This talk contextualizes an illustrated limestone flake in the institute for the Study of Ancient Cultures’ collection (E13951). This is one of many limestone flakes, or ostraca, that are associated with the workmen’s’ village of Deir el-Medina. The ostracon has a careful drawing of a mouse being beaten by an anthropomorphized cat while a mouse, who is dressed like an elite Ramesside Egyptian, watches. On the other side of the ostracon, someone- possibly the artist included an enigmatic label: “The cat, the mouse, and the boy.” Two other ostraca, one now in Stockholm (MM 14060), and the other in Cairo (RT 29-12-21-2), feature the same characters, though the drawings appear to be executed by different artists and depict different moments in a story. In this lecture, we will explore the narrative possibilities of these three ostraca and reconstruct the environment in which the Chicago ostracon was created.

Speaker’s Bio:

Jennifer Miyuki Babcock is Assistant Professor in History of Art and Design at Pratt Institute in Brooklyn, NY. She also teaches classes at Steinhardt, NYU, and The Fashion Institute of Technology, SUNY. Before teaching, Dr. Babcock was a Postdoctoral Curatorial Associate at The Institute for the Study of the Ancient World and held research and fellowship positions at the Metropolitan Museum of Art, The Museum of Fine Arts Boston, and the Brooklyn Museum.

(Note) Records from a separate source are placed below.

Lemma normalizer_outside_inverts h :
    h \in 'N_G(<[g]>) -> h \notin <[g]> ->
  [/\ p = 2, h ^+ 2 = 1 & g ^ h = g^-1].
Proof.
move=> hN hX; have /setIP[hG nXh] := hN.
have [j /andP[vX v2X]] := pelt_exit_power (mem_p_elt pG hG) (group1 _) hX.
have vN : h ^+ (p ^ j) \in 'N_G(<[g]>) by rewrite groupX.
rewrite expnSr expgM in v2X.
have [p2 v2 gv] := normalizer_root_inverts vN vX v2X.
case: j {vX v2X vN} => [|i] in v2 gv *; first by rewrite expn0 expg1 in v2 gv.
have g4 : (4 %| #[g])%N by move: p2_dvd_g; rewrite p2.
case/negP: (conj_sqr_neq_inv g4 (groupX (2 ^ i) nXh)).
by rewrite -expgM -expnSr -p2 gv.
Qed.

Lemma cycle_normal : G \subset 'N(<[g]>).
Proof.
apply: contraT => notN.
have NG : 'N_G(<[g]>) \proper G by rewrite properE subsetIl subsetI subxx notN.
have [_ [t /setIP[tG nNt] tN]] := properP (nilpotent_proper_norm (pgroup_nil pG) NG).
have gN : g \in 'N_G(<[g]>) by rewrite inE gG (subsetP (normG _)) ?cycle_id.
have gtN : g ^ t \in 'N_G(<[g]>) by rewrite memJ_norm.
have [gtX | gtX] := boolP (g ^ t \in <[g]>).
  case/negP: tN; rewrite inE tG /=; apply/normP; rewrite -cycleJ.
  by apply/eqP; rewrite eqEcard cycle_subG gtX -!orderE orderJ /=.
have [_ gt2 _] := normalizer_outside_inverts gtN gtX.
by move/eqP: gt2; rewrite -conjXg conjg_eq1 (negPf sqr_g_neq1).
Qed.

Let in_normalizer h : h \in G -> h \in 'N_G(<[g]>).
Proof. by move=> hG; rewrite inE hG (subsetP cycle_normal). Qed.

Lemma mul_outside_cycle h1 h2 :
  h1 \in G :\: <[g]> -> h2 \in G :\: <[g]> -> h1 * h2 \in <[g]>.
Proof.
case/setDP=> h1G h1X /setDP[h2G h2X]; apply: contraR sqr_g_neq1 => h12X.
have [_ _ g12] := normalizer_outside_inverts (in_normalizer (groupM h1G h2G)) h12X.
have [_ _ g1] := normalizer_outside_inverts (in_normalizer h1G) h1X.
have [_ _ g2] := normalizer_outside_inverts (in_normalizer h2G) h2X.
move: g12; rewrite conjgM g1 conjVg g2 invgK => /eqP.
by rewrite eq_sym eq_invg_mul -expg2 => ->.
Qed.

Lemma dihedral_of_maximal_cycle :
  ~~ cyclic G -> exists2 m, 1 <= m & G \isog 'D_(2 ^ m.+1).
Proof.
move=> ncG; have [y yG yX] : exists2 y, y \in G & y \notin <[g]>.
  by apply/subsetPn; apply: contra ncG => /cyclicS->; rewrite ?cycle_cyclic.
have yGX : y \in G :\: <[g]> by rewrite inE yX.
have gyX : g * y \notin <[g]> by rewrite groupMl ?cycle_id.
have [p2 y2 _] := normalizer_outside_inverts (in_normalizer yG) yX.
have [_ gy2 _] := normalizer_outside_inverts (in_normalizer (groupM gG yG)) gyX.
have oy : #[y] = 2 by apply: nt_prime_order (group1_contra yX).
have ogy : #[g * y] = 2 by apply: nt_prime_order (group1_contra gyX).
have y_neq_gy : y != g * y.
  rewrite -{1}(mul1g y) (inj_eq (mulIg y)) eq_sym.
  by apply: contraNneq sqr_g_neq1 => ->; rewrite expg1n.
have defG : <<[set y; g * y]>> = G.
  apply/eqP; rewrite eqEsubset gen_subG subUset !sub1set yG groupM //=.
  have gH : g \in <<[set y; g * y]>>.
    have := groupM (mem_gen (set22 y (g * y))) (groupVr (mem_gen (set21 y (g * y)))).
    by rewrite mulgK.
  have sXH : <[g]> \subset <<[set y; g * y]>> by rewrite cycle_subG.
  apply/subsetP=> h hG; have [hX | hX] := boolP (h \in <[g]>).
    exact: subsetP sXH h hX.
  have hyX : h * y \in <[g]> by rewrite mul_outside_cycle // inE hX.
  by rewrite -(mulgK y h) groupM ?groupV ?(subsetP sXH (h * y) hyX) ?mem_gen ?set21.
have [n oG] : {n | #|G| = 2 ^ n}%N by apply: p_natP; rewrite -p2.
have n_gt1 : 1 < n.
  have : (p ^ 2 <= #|G|)%N.
    apply: leq_trans (dvdn_leq (order_gt0 g) p2_dvd_g) _.
    exact: dvdn_leq (cardG_gt0 G) (order_dvdG gG).
  by rewrite oG p2 leq_exp2l.
exists n.-1; first by rewrite -ltnS prednK // ltnW.
have := involutions_gen_dihedral oy ogy y_neq_gy.
by rewrite /= defG oG prednK // ltnW.
Qed.

End MaximalCycle.

Lemma pgroup_exponent_sq_dvd (gT : finGroupType) (p : nat) (G : {group gT}) :
  p.-group G -> G :!=: 1 -> exponent G != p -> (p ^ 2 %| exponent G)%N.
Proof.
move=> pG; rewrite trivg_exponent; have := pnat_exponent p G.
rewrite pG => /p_natP[[|[|e]] ->] //; first by rewrite expn1 eqxx.
by rewrite dvdn_exp2l.
Qed.

Theorem theorem1p1 (p : nat) (gT : finGroupType) (G : {group gT}) :
  prime p -> p.-group G -> G :!=: 1 ->
  (nG G = exponent G <->
   [\/ cyclic G, exponent G = p
     | exists2 m : nat, 1 <= m & G \isog 'D_(2 ^ m.+1)]).
Proof.
move=> pr_p pG ntG; have nilG := pgroup_nil pG.
split=> [nGE | cases].
  have [cG | ncG] := boolP (cyclic G); first exact: Or31.
  have [eGp | neGp] := eqVneq (exponent G) p; first exact: Or32.
  have [g gG og] := exponent_witness nilG.
  apply: Or33; apply: (dihedral_of_maximal_cycle gG _ pr_p pG) => //.
    by rewrite nGE og.
  by rewrite -og pgroup_exponent_sq_dvd.
apply/eqP; rewrite eqn_leq exponent_le_nG // andbT.
case: cases => [cG | eGp | [m m_gt0 isoG]].
- by rewrite exponent_cyclic ?nG_le_card.
- by rewrite eGp nG_le_prime_exponent.
- exact: nG_le_exponent_dihedral2 m_gt0 isoG.
Qed.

She earned her Ph.D. at the Institute of Fine Arts, NYU. Dr. Babcock is the author of Animal Fables in Ancient Egypt: Tree Climbing Hippos and Ennobled Mice (Brill 2022) which examines how drawings of anthropomorphized animals are linked to oral folklore and the religious environment of New Kingdom Thebes. Dr. Babcock is also interested in the cross-cultural and temporal transmission of artistic iconography in the ancient world and studying cultural parallels between ancient and modern and contemporary lives.